Welcome...and initial guidelines...

This blog will be used in the spring of 2008 by 80+ students at Drexel University to investigate the effects of Iraq on culture and the reverse. Our goal will be to better understand why the US is in Iraq, and to question whether literature can help us on this journey.

Weekly plans and other materials will always be posted in Vista, not this blog. So go to Bb Vista to get the discussion prompts and other instructions.

I intend this blog to manage our discussions and track our collective investigation.

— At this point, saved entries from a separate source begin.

(* ||sin Theta(R(X), R(Y))||_F for X, Y with orthonormal columns:
   cos theta_i = sigma_i(X^H Y), so sin^2 theta_i = 1 - sigma_i(X^H Y)^2. *)
Definition sinThetaF n k (X Y : 'M[C]_(n, k)) : C :=
  sqrtC (\sum_i (1 - sv (ctmx X *m Y) i ^+ 2)).

Definition same_range n k (X Y : 'M[C]_(n, k)) : Prop := (X^T == Y^T)%MS.

End Defs.

From Pilot Require Import Defs.
From HB Require Import structures.
From mathcomp Require Import all_boot all_order all_algebra.
From mathcomp Require Import sesquilinear spectral.
From mathcomp Require Import ring.
Import Order.TTheory GRing.Theory Num.Theory Num.Def.
Local Open Scope ring_scope.
Local Open Scope sesquilinear_scope.
Set Implicit Arguments. Unset Strict Implicit. Unset Printing Implicit Defensive.

(* Diagonalise B^H B = V^H diag(sigma_i^2) V.  The psd factor Lambda of
   B = Ps Lambda satisfies Lambda^2 = B^H B, so uniqueness of psd square roots
   gives Lambda = V^H diag(sigma_i) V.  With X = P V^H, Y = Ps V^H and
   N = X^H Y we get Re tr(P^H B) = sum_i sigma_i Re N_ii, while
   ||P - Ps||_F^2 = ||X - Y||_F^2 = sum_i 2 (1 - Re N_ii) with nonnegative
   terms; hence eta = sum_i sigma_i (1 - Re N_ii) >= sigma_min ||P - Ps||_F^2 / 2,
   i.e. ||P - Ps||_F <= eps for EVERY P with orthonormal columns, which already
   gives (b) and (c).
   For (a), let M = P^H Ps and Z = Ps - P M.  Then Z^H Z = I - M^H M, so
   ||Z||_F = ||sin Theta||_F, and (P - Ps)^H (P - Ps) = (I - M)^H (I - M) + Z^H Z
   bounds it by ||P - Ps||_F.  Finally B - P P^H B = Z Lambda, whose Frobenius
   norm is at most ||Lambda||_2 ||Z||_F = ||B||_2 ||Z||_F. *)

Section RealExtrema.
Variable R : numDomainType.

Lemma real_le_bigmax (I : eqType) (r : seq I) (F : I -> R) x0 j :
  x0 \is Num.real -> (forall i, F i \is Num.real) -> j \in r ->
  F j <= \big[Order.max/x0]_(i <- r) F i.
Proof.
move=> x0R FR; elim: r => // a r IHr; rewrite inE big_cons.
rewrite comparable_le_max ?real_comparable ?bigmax_real //.
by case/orP => [/eqP->|/IHr->]; rewrite ?lexx ?orbT.
Qed.
From HB Require Import structures.
From mathcomp Require Import all_boot all_order all_algebra.
From mathcomp Require Import zify.
Import Order.TTheory GRing.Theory Num.Theory.
Set Implicit Arguments. Unset Strict Implicit. Unset Printing Implicit Defensive.
Local Open Scope ring_scope.

(* The block columns of Q_k ... Q_{k+l-1} are the identity columns followed by a
   sequence X_p obeying the companion recurrence X_{j+m} = sum_b X_{j+b} a_{k+j}^b,
   and F_l is a combination of the X_p with coefficients a_{k+l}^b.  Keeping the
   X_p with p >= m as unknowns, D is the determinant of the 2mn x 2mn matrix of
   the F-relations and the recurrences (eliminating the unknowns recovers N_k),
   whose nonzero entries are 1 or single entries of the a_k^b.  Under the scaling
   a^b -> t^(b/2 - s [b odd]) a^b, after cancelling the even offsets of the
   recurrence columns against the F-columns, every entry (p, q) of that matrix is
   multiplied by t^(w p + v q) for integer weights w, v, so the determinant is
   multiplied by t^(sum w + sum v) = t^(l - s); with t = mu^(1/s) this is
   mu^(-1 + l/s). *)

Lemma nth_allpairs_pair (T1 T2 : Type) (x1 : T1) (x2 : T2) (s1 : seq T1) (s2 : seq T2) i j :
  (i < size s1)%N -> (j < size s2)%N ->
  nth (x1, x2) [seq (y1, y2) | y1 <- s1, y2 <- s2] (i * size s2 + j) =
  (nth x1 s1 i, nth x2 s2 j).
Proof.
elim: s1 i => [|y s1 IH] [|i] //= hi hj.
  by rewrite nth_cat size_map hj (nth_map x2).
by rewrite nth_cat size_map mulSn -addnA ltnNge leq_addr /= addKn IH.
Qed.

Lemma val_mxvec_index m n (b : 'I_m) (r : 'I_n) : val (mxvec_index b r) = (b * n + r)%N.
Proof.
have hlt : (b * n + r < #|{: 'I_m * 'I_n}|)%N.
  by rewrite card_prod !card_ord; have := ltn_ord b; have := ltn_ord r; nia.
have he : enum_val (Ordinal hlt) = (b, r).
  rewrite (enum_val_nth (b, r)) /= enumT unlock /=.
  have := @nth_allpairs_pair _ _ b r (enum 'I_m) (enum 'I_n) b r.
  rewrite !size_enum_ord => ->; try exact: ltn_ord.
  by congr pair; apply: val_inj; rewrite /= nth_enum_ord.
by rewrite /mxvec_index -he enum_valK.
Qed.

Section BlockIndex.
Variables m n : nat.
Implicit Types q : 'I_(m * n).

Definition blk q : nat := val (bix q).1.
Definition pos q : 'I_n := (bix q).2.

Lemma bix_mxvec_index (b : 'I_m) (r : 'I_n) : bix (mxvec_index b r) = (b, r).
Proof. by rewrite /bix /mxvec_index cast_ordK enum_rankK. Qed.

Lemma mxvec_index_bix q : mxvec_index (bix q).1 (bix q).2 = q.
Proof. by case/mxvec_indexP: q => b r; rewrite bix_mxvec_index. Qed.

Lemma blk_mxvec_index (b : 'I_m) (r : 'I_n) : blk (mxvec_index b r) = b.
Proof. by rewrite /blk bix_mxvec_index. Qed.

Lemma pos_mxvec_index (b : 'I_m) (r : 'I_n) : pos (mxvec_index b r) = r.
Proof. by rewrite /pos bix_mxvec_index. Qed.

Lemma ltn_blk q : (blk q < m)%N.
Proof. exact: ltn_ord. Qed.

Lemma bix_inj : injective (@bix m n).
Proof. by move=> q q' e; rewrite -[q]mxvec_index_bix -[q']mxvec_index_bix e. Qed.

Lemma eq_bix q q' : (q == q') = (blk q == blk q') && (pos q == pos q').
Proof.
rewrite -(inj_eq bix_inj) /blk /pos.
by case: (bix q) => b r; case: (bix q') => b' r'.
Qed.

Lemma val_bix q : val q = (blk q * n + pos q)%N.
Proof. by rewrite -{1}[q]mxvec_index_bix val_mxvec_index. Qed.

Lemma ltn_bix q q' : (q < q')%N ->
  (blk q <= blk q')%N /\ (blk q = blk q' -> (pos q < pos q')%N).
Proof.
rewrite !val_bix => h; have := ltn_ord (pos q); have := ltn_ord (pos q').
by split; [nia | move=> e; rewrite e in h; lia].
Qed.

Lemma big_bix (V : nmodType) (F : 'I_(m * n) -> V) :
  \sum_q F q = \sum_(b < m) \sum_(r < n) F (mxvec_index b r).
Proof.
rewrite pair_big /= (reindex (fun p : 'I_m * 'I_n => mxvec_index p.1 p.2)) //=.
exists (@bix m n) => [[b r] _ | q _] /=; first by rewrite bix_mxvec_index.
exact: mxvec_index_bix.
Qed.

End BlockIndex.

You should have received an email from me inviting you to become a contributor to this blog. The email was sent Monday afternoon to your official Drexel email address.

Tuesday, May 27, 2008

Memories

Memorial Day
My memorial day weekend in retrospect actually signified a lot. At the moment it just seemed like any old fun filled three day weekend but looking at it now I guess it meant more than that. It’s my last weekend here to hang out with friends since every weekend till summer vacation I am going to be home. So it was a weekend to celebrate friendship, to celebrate a year of being freshman, one last hoorah. It was a tribute to memories of adventurous nights out, drama we thought we would never ever get out of, classes we thought we would never pass, and friendships we were glad had lasted. This memorial day weekend was in fact a tribute to memories. We reminisced about the past and future memories to be made. My friends and I shared deep conversation till 5 a.m. in the morning. I spent Sunday and Monday at the beach and saw all the seniors on their beach weeks, and remembered my senior year which seems just like yesterday. As I sat at the beach and watched the waves come and go I thought about people in my lives that have come and go, but not only those who came and left but those who came and left a mark on my life. Past friendships, past family and past loves. I remembered my grandmother who raised 17 successful children who then bore my cousins and I and raised us to be the people we are today. I remembered my aunt who tried her best to be a good mother to her daughter who was disabled, and I remembered my best friends’s father who took his life just recently in hopes for a better future for his family. I remembered that though they were gone they did something with their life, like the soldiers in Iraq who had died to make a difference. This memorial day did not just make me think of others, but it made me think of myself. The change that has occurred in me and my life, the future decisions I will make that will cause change. This Memorial Day weekend made me realize so much about the past, present and future. I don’t know what the future holds, but all I know is that I want one memorial day to come when I will reminisce about how I made a difference.